I discussed my dilemma with my sister Jody and with Sharon out in Nevada. Jody was going to keep me posted on weather conditions in West Virginia and Ohio; with worry in her voice, Sharon advised me not to take more than one pain pill and at the next rest stop get out and walk around to stretch the back.

Preoccupied with the pain, I missed the rest-stop exit. By the time I passed the Greensboro exits, I was feeling nauseous. In Yadkinville where I’ve gotten gasoline for years and years, I filled up and weighed my options. I’d gone 260 miles and had 300 miles still to go. An inviting Day’s Inn motel could be seen from U.S. 421. Like a sea captain sailing for a safe harbor ahead of a storm, I docked at the Day’s Inn. Safe in Room 124, I took a pain pill and let my back calm down, then took to the bed and got a good night’s sleep. In the morning, I ate a hotel breakfast of Frosted Flakes and a fruit-centered roll, coffee, and bulwarked myself for the journey ahead with a pain pill followed by an anti-inflammatory pill. This time my back behaved properly during the 4.5-hour ride up to Southeastern Ohio.

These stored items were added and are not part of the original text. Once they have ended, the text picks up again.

Theorem theorem2p4 (R : realType) (n p : nat) (W : 'M[R]_n)
  (fi : 'I_n -> 'rV[R]_p -> R) (g : 'I_n -> 'rV[R]_p -> 'rV[R]_p)
  (Li : 'I_n -> R) (mu : R) (t : nat -> nat) (x : nat -> 'I_n -> 'rV[R]_p) :
  doubly_stochastic W ->
  strongly_connected W ->
  (forall i, 0 < W i i) ->
  (forall i, is_gradient (fi i) (g i)) ->
  convex_fun (fun z => n%:R^-1 * \sum_(i < n) fi i z) ->
  (exists xs : 'rV[R]_p, forall y, n%:R^-1 * \sum_(i < n) fi i xs <= n%:R^-1 * \sum_(i < n) fi i y) ->
  (forall i, 0 < Li i) ->
  (forall i, smooth_grad (g i) (Li i)) ->
  0 < mu -> mu <= (\big[Num.max/0]_(i < n) Li i)^-1 ->
  (forall k, (1 <= t k)%N) ->
  cvgn (series (fun k => specnorm (W - n%:R^-1 *: const_mx 1) ^+ t k)) ->
  near_dgd_plus W t mu g x ->
  let f := fun z => n%:R^-1 * \sum_(i < n) fi i z in
  let xbar := fun k => n%:R^-1 *: \sum_(i < n) x k i in
  exists fstar : R,
    (exists xs, f xs = fstar /\ forall y, fstar <= f y) /\
    exists C : R, 0 < C /\
      forall T : nat, (0 < T)%N ->
        T%:R * (f (T%:R^-1 *: \sum_(k < T) xbar k) - fstar) <= C.
Proof.
(* Strong connectivity and the self-loops only serve to make beta < 1, which the
   summability hypothesis already subsumes. *)
move=> W_ds _ _ g_grad f_conv [xs xs_min] Li_gt0 g_smooth mu_gt0 mu_le t_gt0 b_summable
  x_iter f xbar.
exists (f xs); split; first by exists xs.
have [n0|n_gt0] := posnP n.
  by subst n; exists 1; split => // T _; rewrite /f !big_ord0 !mulr0 subrr mulr0.
have [C sum_gap] := sum_gap_bounded n_gt0 W_ds g_grad Li_gt0 g_smooth f_conv xs_min
  mu_gt0 mu_le t_gt0 b_summable x_iter.
exists (1 + `|C|); split => [|T T_gt0]; first by rewrite ltr_pwDl.
apply: le_trans (_ : _ <= \sum_(k < T) (f (xbar k) - f xs)) _.
  rewrite sumrB sumr_const card_ord -[f xs *+ T]mulr_natl mulrBr lerD2r.
  apply: le_trans (ler_wpM2l (ler0n _ T) (convex_avg_le f_conv xbar T_gt0)) _.
  by rewrite mulVKf // pnatr_eq0 -lt0n.
by apply: le_trans (sum_gap T) _; rewrite (le_trans (ler_norm C)) // lerDr.
Qed.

So here I am sitting at my sister’s dining room table composing a blog-post update detailing my grand journey to Nevada via Ohio and West Virginia. So tonight I get to sleep in my mom’s bedroom where 10 years ago she went to Heaven after months of coping with Lou Gehrig’s disease. It’s good to remember what she went through … it makes my back troubles look trivial.


  1. This is why I moved my husband to a nursing home when he became almost too heavy for me to lift. I'm glad you made it safe and sound and hope your back feels better soon.
    This is why I moved my husband to a nursing home when he became almost too heavy for me to lift. I'm glad you made it safe and sound and hope your back feels better soon.

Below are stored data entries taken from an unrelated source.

(* Let $k$ be a real number. For every $s\in\mathbb{C}$ with $\mathrm{Re}(s)>\max(1,1+k)$, $$\sum_{n\geq1}\frac{\Omega(n)\beta_k(n)}{n^s}=\zeta(s)P(s-k)\bigl(P_\Omega(s)+1\bigr).$$
   Context: $\Omega(n)$ is the number of prime factors of $n$ counted with multiplicity; $\beta_k(n)=\sum_{p\mid n}p^k$ (sum over distinct primes dividing $n$). $\zeta(s)=\sum_{n\geq1}n^{-s}$ is the Riemann zeta function, $P(s)=\sum_p p^{-s}$ is the prime zeta function, and $P_\Omega(s)=\sum_p\frac{\Omega(p)}{p^s-1}=\sum_p\frac1{p^s-1}$, sums over all primes $p$. *)

From Stdlib Require Import Reals.
From Coquelicot Require Import Coquelicot.
From mathcomp Require Import ssreflect ssrbool ssrnat seq prime bigop.

Definition Omega (n : nat) : nat := (\sum_(p <- primes n) logn p n)%N.

Definition beta (k : R) (n : nat) : R :=
  \big[Rplus/0%R]_(p <- primes n) Rpower (INR p) k.

(* Complex power x^s = exp(s ln x) for real x > 0 and complex s. *)
Definition cpow (x : R) (s : C) : C :=
  (exp (Re s * ln x) * cos (Im s * ln x),
   exp (Re s * ln x) * sin (Im s * ln x))%R.

(* Terms of the Dirichlet series (index shifted: term n is for n+1). *)
Definition zeta_term (s : C) (n : nat) : C := cpow (INR n.+1) (- s)%C.

Definition primezeta_term (s : C) (n : nat) : C :=
  if prime n then cpow (INR n) (- s)%C else 0%C.

(* P_Omega(s) = sum_p Omega(p)/(p^s - 1) = sum_p 1/(p^s - 1). *)
Definition POmega_term (s : C) (n : nat) : C :=
  if prime n then (INR (Omega n) / (cpow (INR n) s - 1))%C else 0%C.

Definition lhs_term (k : R) (s : C) (n : nat) : C :=
  (RtoC (INR (Omega n.+1) * beta k n.+1) * cpow (INR n.+1) (- s))%C.

(* Write 1_P and 1_PP for the indicators of the primes and of the prime powers p^j (j >= 1),
   and * for Dirichlet convolution.  For every prime p dividing n, Omega(n) = Omega(n/p) + 1, hence
   Omega(n) beta_k(n) = sum_(p | n) p^k (Omega(n/p) + 1), i.e. Omega beta_k = (p^k 1_P) * (Omega + 1).
   A number n has exactly Omega(n) prime-power divisors, so Omega + 1 = 1 * (delta_1 + 1_PP).
   Grouping the prime powers by their prime, the Dirichlet series of 1_PP is
   sum_p sum_(j >= 1) p^(-js) = sum_p 1/(p^s - 1) = P_Omega(s).  All the series involved are dominated
   by sum_n n^(-Re s) (resp. n^(-(Re s - k))), which converges, and the Dirichlet series of a
   convolution of absolutely convergent series is the product of their sums.  Both this product
   formula and the grouping by primes are instances of a single interchange lemma for absolutely
   summable double series supported on a triangle. *)

From Stdlib Require Import Reals Lra Lia.
From Coquelicot Require Import Coquelicot.
From HB Require Import structures.
From mathcomp Require Import ssreflect ssrfun ssrbool eqtype ssrnat seq div fintype prime bigop.
From mathcomp Require Import zify.
Set Implicit Arguments.
Unset Strict Implicit.

(** * Prime-power divisors and Omega *)

Section PrimePowers.
Local Open Scope nat_scope.

(* Equals 1 if m is a prime power p^(j+1) and 0 otherwise; neither p nor j exceeds m. *)
Definition prime_power_count (m : nat) : nat :=
  \sum_(p < m.+1 | prime p) \sum_(j < m.+1) (m == p ^ j.+1).

Lemma big_ord_widen0 (n m : nat) (F : nat -> nat) : n <= m ->
  (forall i, n <= i < m -> F i = 0) -> \sum_(i < n) F i = \sum_(i < m) F i.
Proof.
move=> le_nm F0; rewrite (big_ord_widen m F le_nm) big_mkcond; apply: eq_bigr => i _.
by case: (ltnP i n) => // le_ni; rewrite F0 ?le_ni ?ltn_ord.
Qed.

Lemma prime_power_count_widen (e M : nat) : e <= M ->
  prime_power_count e = \sum_(p < M.+1 | prime p) \sum_(j < M.+1) (e == p ^ j.+1).
Proof.
move=> le_eM; rewrite /prime_power_count big_mkcond.
have no_large_exponent p j : prime p -> e < j -> (e == p ^ j.+1) = false.
  move=> pr_p lt_ej; apply/negbTE/eqP => def_e.
  by have := ltn_expl j.+1 (prime_gt1 pr_p); rewrite -def_e; lia.
have no_large_prime p j : prime p -> e < p -> (e == p ^ j.+1) = false.
  move=> pr_p lt_ep; apply/negbTE/eqP => def_e.
  by have := leq_pexp2l (prime_gt0 pr_p) (ltn0Sn j); rewrite expn1 -def_e; lia.
transitivity (\sum_(p < e.+1) if prime p then \sum_(j < M.+1) (e == p ^ j.+1) else 0).
  apply: eq_bigr => p _; case: ifP => // pr_p.
  apply: (@big_ord_widen0 e.+1 M.+1 (fun j => e == p ^ j.+1)) => // j /andP [lt_ej _].
  by rewrite no_large_exponent.
rewrite [RHS]big_mkcond; apply: (@big_ord_widen0 e.+1 M.+1 (fun p => if prime p then
  \sum_(j < M.+1) (e == p ^ j.+1) else 0)) => // p /andP [lt_ep _].
case: ifP => // pr_p.
by apply: big1 => j _; rewrite no_large_prime.
Qed.

Lemma sum_divisors_quotient_eq (m e : nat) : 0 < m -> 0 < e ->
  \sum_(d < m.+1 | d %| m) (m %/ d == e) = (e %| m).
Proof.
move=> m_gt0 e_gt0; have [e_dvd_m | e_ndvd_m] := boolP (e %| m); last first.
  apply: big1 => d d_dvd_m; apply/eqP; rewrite eqb0; apply: contra e_ndvd_m => /eqP <-.
  exact: dvdn_div.
have lt_qm : m %/ e < m.+1 by rewrite ltnS leq_div.
have q_gt0 : 0 < m %/ e by rewrite divn_gt0 // dvdn_leq.
rewrite (bigD1 (Ordinal lt_qm)) /=; last by rewrite -{2}(divnK e_dvd_m) dvdn_mulr.
rewrite -{1}(divnK e_dvd_m) mulKn // eqxx big1 // => d /andP [d_dvd_m ne_d].
apply/eqP; rewrite eqb0; apply: contra ne_d => /eqP def_e.
by apply/eqP/val_inj; rewrite /= -def_e -{2}(divnK d_dvd_m) mulKn // def_e.
Qed.

Lemma sum_ord_ltn (N L : nat) : \sum_(j < N) (j < L) = minn L N.
Proof.
elim: N => [|N IH]; first by rewrite big_ord0 minn0.
by rewrite big_ord_recr /= IH; case: (ltnP N L) => /=; lia.
Qed.

Lemma sum_pfactor_dvdn (p m : nat) : prime p -> 0 < m ->
  \sum_(j < m.+1) (p ^ j.+1 %| m) = logn p m.
Proof.
move=> pr_p m_gt0.
rewrite (eq_bigr (fun j : 'I_m.+1 => nat_of_bool (j < logn p m))); last first.
  by move=> j _; rewrite pfactor_dvdn.
rewrite sum_ord_ltn; apply/minn_idPl.
have := dvdn_leq m_gt0 (pfactor_dvdnn p m).
have := ltn_expl (logn p m) (prime_gt1 pr_p); lia.
Qed.

Lemma perm_primes_iota (n B : nat) : 0 < n -> n <= B ->
  perm_eq (primes n) [seq p <- iota 0 B.+1 | p \in primes n].
Proof.
move=> n_gt0 le_nB; apply: uniq_perm; first exact: primes_uniq.
  by rewrite filter_uniq // iota_uniq.
move=> p; rewrite mem_filter mem_iota; case: (boolP (p \in primes n)) => //= p_in.
by move: p_in; rewrite mem_primes => /and3P [_ _ /(dvdn_leq n_gt0)]; lia.
Qed.

Lemma Omega_ord (n B : nat) : 0 < n -> n <= B ->
  Omega n = \sum_(p < B.+1 | prime p) logn p n.
Proof.
move=> n_gt0 le_nB; rewrite /Omega (perm_big _ (perm_primes_iota n_gt0 le_nB)).
rewrite big_filter -(big_mkord (fun p => prime p) (fun p => logn p n)) /index_iota subn0.
rewrite big_mkcond [RHS]big_mkcond; apply: eq_bigr => p _.
case: (boolP (p \in primes n)) => p_div.
  by move: (p_div); rewrite mem_primes => /and3P [-> _ _].
by case: (boolP (prime p)) => // pr_p; apply/esym/eqP; rewrite -leqn0 leqNgt logn_gt0.
Qed.

Lemma OmegaM (a b : nat) : 0 < a -> 0 < b -> Omega (a * b) = Omega a + Omega b.
Proof.
move=> a_gt0 b_gt0; have ab_gt0 : 0 < a * b by rewrite muln_gt0 a_gt0.
rewrite (Omega_ord ab_gt0 (leqnn _)) (Omega_ord a_gt0 (leq_pmulr _ b_gt0)).
rewrite (Omega_ord b_gt0 (leq_pmull _ a_gt0)) -big_split /=.
by apply: eq_bigr => p _; rewrite lognM.
Qed.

    1. Yep, I understand fully Abbie. While helping take care of my mom in 2003 (she had ALS), I threw out my back moving her from her favorite chair to a wheelchair. I started wearing a back brace and that helped.

  2. Hey! I still have some Tramadol from when I had my lung operationI can post you :) Seriously, commiserations. Back problems are miserable. Are you permanently relocating to Nevada?

    1. Yep, permanently. There's a woman there that I want to spend the rest of my life with sharing sundry things, sexy and mundane. Lol.